Il terzo concerto per pianoforte e orchestra si distingue dai precedenti per la diversa concezione e per un maggior livello di consapevolezza artistica. Ce lo fa sapere direttamente Ludwig van Beethoven quando scrive all’editore Hoffmeister di Lipisa di avere in serbo un nuovo concerto, migliore dei primi due. È innegabile la bellezza dei concerti n. 1 e 2, ma dal punto di vista dell’autore, il terzo rappresenta un’evoluzione in senso sinfonico e un allontanamento dai modelli settecenteschi di cui essere fieri. “L’intenzione dell’autore era quella di stupire il suo pubblico, varcando i limiti di garbato intrattenimento entro i quali ancora si manteneva il genere del concerto” (A. Quattrocchi). Beethoven non scrisse, come di consueto, la parte del solista: era un modo per rendere inaccessibile, almeno per qualche tempo, i segreti della scrittura pianistica, gli effetti sonori sapientemente realizzati. Il 5 aprile del 1803 Beethoven stesso eseguì il concerto al Theater an der Wien e chiese al direttore del teatro, Ignaz von Seyfried, di girargli le pagine. Il pover’uomo si trovò in difficoltà: “Mi invitò a girargli le pagine, ma la cosa era più facile a dirsi che a farsi: non vedevo avanti a me quasi altro che fogli vuoti; tutt’al più qualche appunto da servire come promemoria, incomprensibile per me come un geroglifico egiziano; poiché egli suonava la parte principale quasi tutta a memoria, non avendo avuto, come quasi sempre accadeva, il tempo di fissarla completamente sulla carta”. Circa un ano dopo il concerto fu eseguito nello splendido palazzo Augarten di Vienna: questa volta Beethoven scrisse appositamente su alcuni fogli la parte di pianoforte, che fu eseguita dal suo allievo Ferdinand Ries (1784-1838). Il concerto è dedicato a Sua Altezza Reale il principe Luigi Ferdinando di Prussia, nipote di Federico II, eccellente pianista e amico di Beethoven.
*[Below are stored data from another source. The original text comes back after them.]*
(* ---------- generalized Coxeter matrices; None encodes infinity ---------- *)
Definition gen_coxeter (I : finType) (m : I -> I -> option nat) : Prop :=
  (forall i j, m i j = m j i) /\
  (forall i j, i != j -> forall n, m i j = Some n -> (2 <= n)%N) /\
  (forall i, exists2 n, m i i = Some n & (2 <= n)%N).

Section Presented.
Variables (k : fieldType) (X : Type).

Inductive fexpr : Type :=
 | FC of k | FV of X | FAdd of fexpr & fexpr | FMul of fexpr & fexpr.

Fixpoint fpow (a : fexpr) (n : nat) : fexpr :=
  if n is n'.+1 then FMul a (fpow a n') else FC 1.

Fixpoint braidw (a b : fexpr) (n : nat) : fexpr :=
  if n is n'.+1 then FMul a (braidw b a n') else FC 1.

(* the congruence of k<X> generated by the k-algebra axioms (k central via FC)
   and the relations R: the quotient is k<X>/(R) *)
Inductive alg_eqv (R : fexpr -> fexpr -> Prop) : fexpr -> fexpr -> Prop :=
 | ae_rel a b : R a b -> alg_eqv R a b
 | ae_refl a : alg_eqv R a a
 | ae_sym a b : alg_eqv R a b -> alg_eqv R b a
 | ae_trans a b c : alg_eqv R a b -> alg_eqv R b c -> alg_eqv R a c
 | ae_add a a' b b' : alg_eqv R a a' -> alg_eqv R b b' ->
     alg_eqv R (FAdd a b) (FAdd a' b')
 | ae_mul a a' b b' : alg_eqv R a a' -> alg_eqv R b b' ->
     alg_eqv R (FMul a b) (FMul a' b')
 | ae_addA a b c : alg_eqv R (FAdd (FAdd a b) c) (FAdd a (FAdd b c))
 | ae_addC a b : alg_eqv R (FAdd a b) (FAdd b a)
 | ae_add0 a : alg_eqv R (FAdd (FC 0) a) a
 | ae_addN a : alg_eqv R (FAdd (FMul (FC (-1)) a) a) (FC 0)
 | ae_mulA a b c : alg_eqv R (FMul (FMul a b) c) (FMul a (FMul b c))
 | ae_mul1l a : alg_eqv R (FMul (FC 1) a) a
 | ae_mul1r a : alg_eqv R (FMul a (FC 1)) a
 | ae_mulDl a b c : alg_eqv R (FMul (FAdd a b) c) (FAdd (FMul a c) (FMul b c))
 | ae_mulDr a b c : alg_eqv R (FMul a (FAdd b c)) (FAdd (FMul a b) (FMul a c))
 | ae_Cadd x y : alg_eqv R (FC (x + y)) (FAdd (FC x) (FC y))
 | ae_Cmul x y : alg_eqv R (FC (x * y)) (FMul (FC x) (FC y))
 | ae_Ccomm x a : alg_eqv R (FMul (FC x) a) (FMul a (FC x)).

(* ---------- tensor square A (x) A of a setoid algebra (fexpr, eA) ---------- *)
Inductive texpr : Type :=
 | TT of fexpr & fexpr | TAdd of texpr & texpr | TScale of k & texpr.

Inductive t_eqv (eA : fexpr -> fexpr -> Prop) : texpr -> texpr -> Prop :=
 | te_refl s : t_eqv eA s s
 | te_sym s t : t_eqv eA s t -> t_eqv eA t s
 | te_trans s t u : t_eqv eA s t -> t_eqv eA t u -> t_eqv eA s u
 | te_add s s' t t' : t_eqv eA s s' -> t_eqv eA t t' ->
     t_eqv eA (TAdd s t) (TAdd s' t')
 | te_scale c s s' : t_eqv eA s s' -> t_eqv eA (TScale c s) (TScale c s')
 | te_TT a a' b b' : eA a a' -> eA b b' -> t_eqv eA (TT a b) (TT a' b')
 | te_addA s t u : t_eqv eA (TAdd (TAdd s t) u) (TAdd s (TAdd t u))
 | te_addC s t : t_eqv eA (TAdd s t) (TAdd t s)
 | te_add0 s t : t_eqv eA (TAdd (TScale 0 s) t) t
 | te_scale1 s : t_eqv eA (TScale 1 s) s
 | te_scaleM x y s : t_eqv eA (TScale x (TScale y s)) (TScale (x * y) s)
 | te_scaleDl x y s : t_eqv eA (TScale (x + y) s) (TAdd (TScale x s) (TScale y s))
 | te_scaleDr x s t : t_eqv eA (TScale x (TAdd s t)) (TAdd (TScale x s) (TScale x t))
 | te_linDl a1 a2 b : t_eqv eA (TT (FAdd a1 a2) b) (TAdd (TT a1 b) (TT a2 b))
 | te_linDr a b1 b2 : t_eqv eA (TT a (FAdd b1 b2)) (TAdd (TT a b1) (TT a b2))
 | te_linZl c a b : t_eqv eA (TT (FMul (FC c) a) b) (TScale c (TT a b))
 | te_linZr c a b : t_eqv eA (TT a (FMul (FC c) b)) (TScale c (TT a b)).

Fixpoint tmul_pure (a b : fexpr) (t : texpr) : texpr :=
  match t with
  | TT c d => TT (FMul a c) (FMul b d)
  | TAdd s u => TAdd (tmul_pure a b s) (tmul_pure a b u)
  | TScale x s => TScale x (tmul_pure a b s)
  end.
Fixpoint tmul (s t : texpr) : texpr :=
  match s with
  | TT a b => tmul_pure a b t
  | TAdd s1 s2 => TAdd (tmul s1 t) (tmul s2 t)
  | TScale x s1 => TScale x (tmul s1 t)
  end.
Definition tone : texpr := TT (FC 1) (FC 1).

Inductive t3expr : Type :=
 | T3 of fexpr & fexpr & fexpr | T3Add of t3expr & t3expr | T3Scale of k & t3expr.

Inductive t3_eqv (eA : fexpr -> fexpr -> Prop) : t3expr -> t3expr -> Prop :=
 | t3e_refl s : t3_eqv eA s s
 | t3e_sym s t : t3_eqv eA s t -> t3_eqv eA t s
 | t3e_trans s t u : t3_eqv eA s t -> t3_eqv eA t u -> t3_eqv eA s u
 | t3e_add s s' t t' : t3_eqv eA s s' -> t3_eqv eA t t' ->
     t3_eqv eA (T3Add s t) (T3Add s' t')
 | t3e_scale c s s' : t3_eqv eA s s' -> t3_eqv eA (T3Scale c s) (T3Scale c s')
 | t3e_T3 a a' b b' c c' : eA a a' -> eA b b' -> eA c c' ->
     t3_eqv eA (T3 a b c) (T3 a' b' c')
 | t3e_addA s t u : t3_eqv eA (T3Add (T3Add s t) u) (T3Add s (T3Add t u))
 | t3e_addC s t : t3_eqv eA (T3Add s t) (T3Add t s)
 | t3e_add0 s t : t3_eqv eA (T3Add (T3Scale 0 s) t) t
 | t3e_scale1 s : t3_eqv eA (T3Scale 1 s) s
 | t3e_scaleM x y s : t3_eqv eA (T3Scale x (T3Scale y s)) (T3Scale (x * y) s)
 | t3e_scaleDl x y s :
     t3_eqv eA (T3Scale (x + y) s) (T3Add (T3Scale x s) (T3Scale y s))
 | t3e_scaleDr x s t :
     t3_eqv eA (T3Scale x (T3Add s t)) (T3Add (T3Scale x s) (T3Scale x t))
 | t3e_lin1D a1 a2 b c :
     t3_eqv eA (T3 (FAdd a1 a2) b c) (T3Add (T3 a1 b c) (T3 a2 b c))
 | t3e_lin2D a b1 b2 c :
     t3_eqv eA (T3 a (FAdd b1 b2) c) (T3Add (T3 a b1 c) (T3 a b2 c))
 | t3e_lin3D a b c1 c2 :
     t3_eqv eA (T3 a b (FAdd c1 c2)) (T3Add (T3 a b c1) (T3 a b c2))
 | t3e_lin1Z x a b c : t3_eqv eA (T3 (FMul (FC x) a) b c) (T3Scale x (T3 a b c))
 | t3e_lin2Z x a b c : t3_eqv eA (T3 a (FMul (FC x) b) c) (T3Scale x (T3 a b c))
 | t3e_lin3Z x a b c : t3_eqv eA (T3 a b (FMul (FC x) c)) (T3Scale x (T3 a b c)).

Fixpoint t_append (t : texpr) (c : fexpr) : t3expr :=
  match t with
  | TT x y => T3 x y c
  | TAdd s u => T3Add (t_append s c) (t_append u c)
  | TScale z s => T3Scale z (t_append s c)
  end.
Fixpoint t_prepend (a : fexpr) (t : texpr) : t3expr :=
  match t with
  | TT x y => T3 a x y
  | TAdd s u => T3Add (t_prepend a s) (t_prepend a u)
  | TScale z s => T3Scale z (t_prepend a s)
  end.
Fixpoint t_Dl (D : fexpr -> texpr) (t : texpr) : t3expr :=
  match t with
  | TT a b => t_append (D a) b
  | TAdd s u => T3Add (t_Dl D s) (t_Dl D u)
  | TScale z s => T3Scale z (t_Dl D s)
  end.
Fixpoint t_Dr (D : fexpr -> texpr) (t : texpr) : t3expr :=
  match t with
  | TT a b => t_prepend a (D b)
  | TAdd s u => T3Add (t_Dr D s) (t_Dr D u)
  | TScale z s => T3Scale z (t_Dr D s)
  end.
Fixpoint t_epsl (e : fexpr -> k) (t : texpr) : fexpr :=
  match t with
  | TT a b => FMul (FC (e a)) b
  | TAdd s u => FAdd (t_epsl e s) (t_epsl e u)
  | TScale z s => FMul (FC z) (t_epsl e s)
  end.
Fixpoint t_epsr (e : fexpr -> k) (t : texpr) : fexpr :=
  match t with
  | TT a b => FMul (FC (e b)) a
  | TAdd s u => FAdd (t_epsr e s) (t_epsr e u)
  | TScale z s => FMul (FC z) (t_epsr e s)
  end.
La Sinfonia n. 4 in Si bemolle maggiore fu composta nell’estate del 1806 e dedicata al conte Franz von Oppersdorf. “Il genio critico di Robert Schumann mise in circolazione l’appellativo di “ellenica” per la Quarta Sinfonia di Beethoven, paragonandola ad una “slanciata fanciulla greca tra due giganti nordici”, la Terza e la Quinta Sinfonia appunto; e questo riferimento ai greci, inventori delle forme più robuste di una bellezza armoniosa, coglie un aspetto profondo della natura espressiva dell’opera; nessun ritorno al Settecento, dunque, nessun riposo inventivo o allentamento della tensione creativa, ma una forza fatta di aurorale luminosità, di vivacità e dinamismo continuamente ingentiliti da una grazia sovrana” (G. Pestelli). La prima esecuzione si tenne in forma privata presso il principe Lobkowitz nel marzo 1807, in un concerto interamente dedicato a musiche di Beethoven.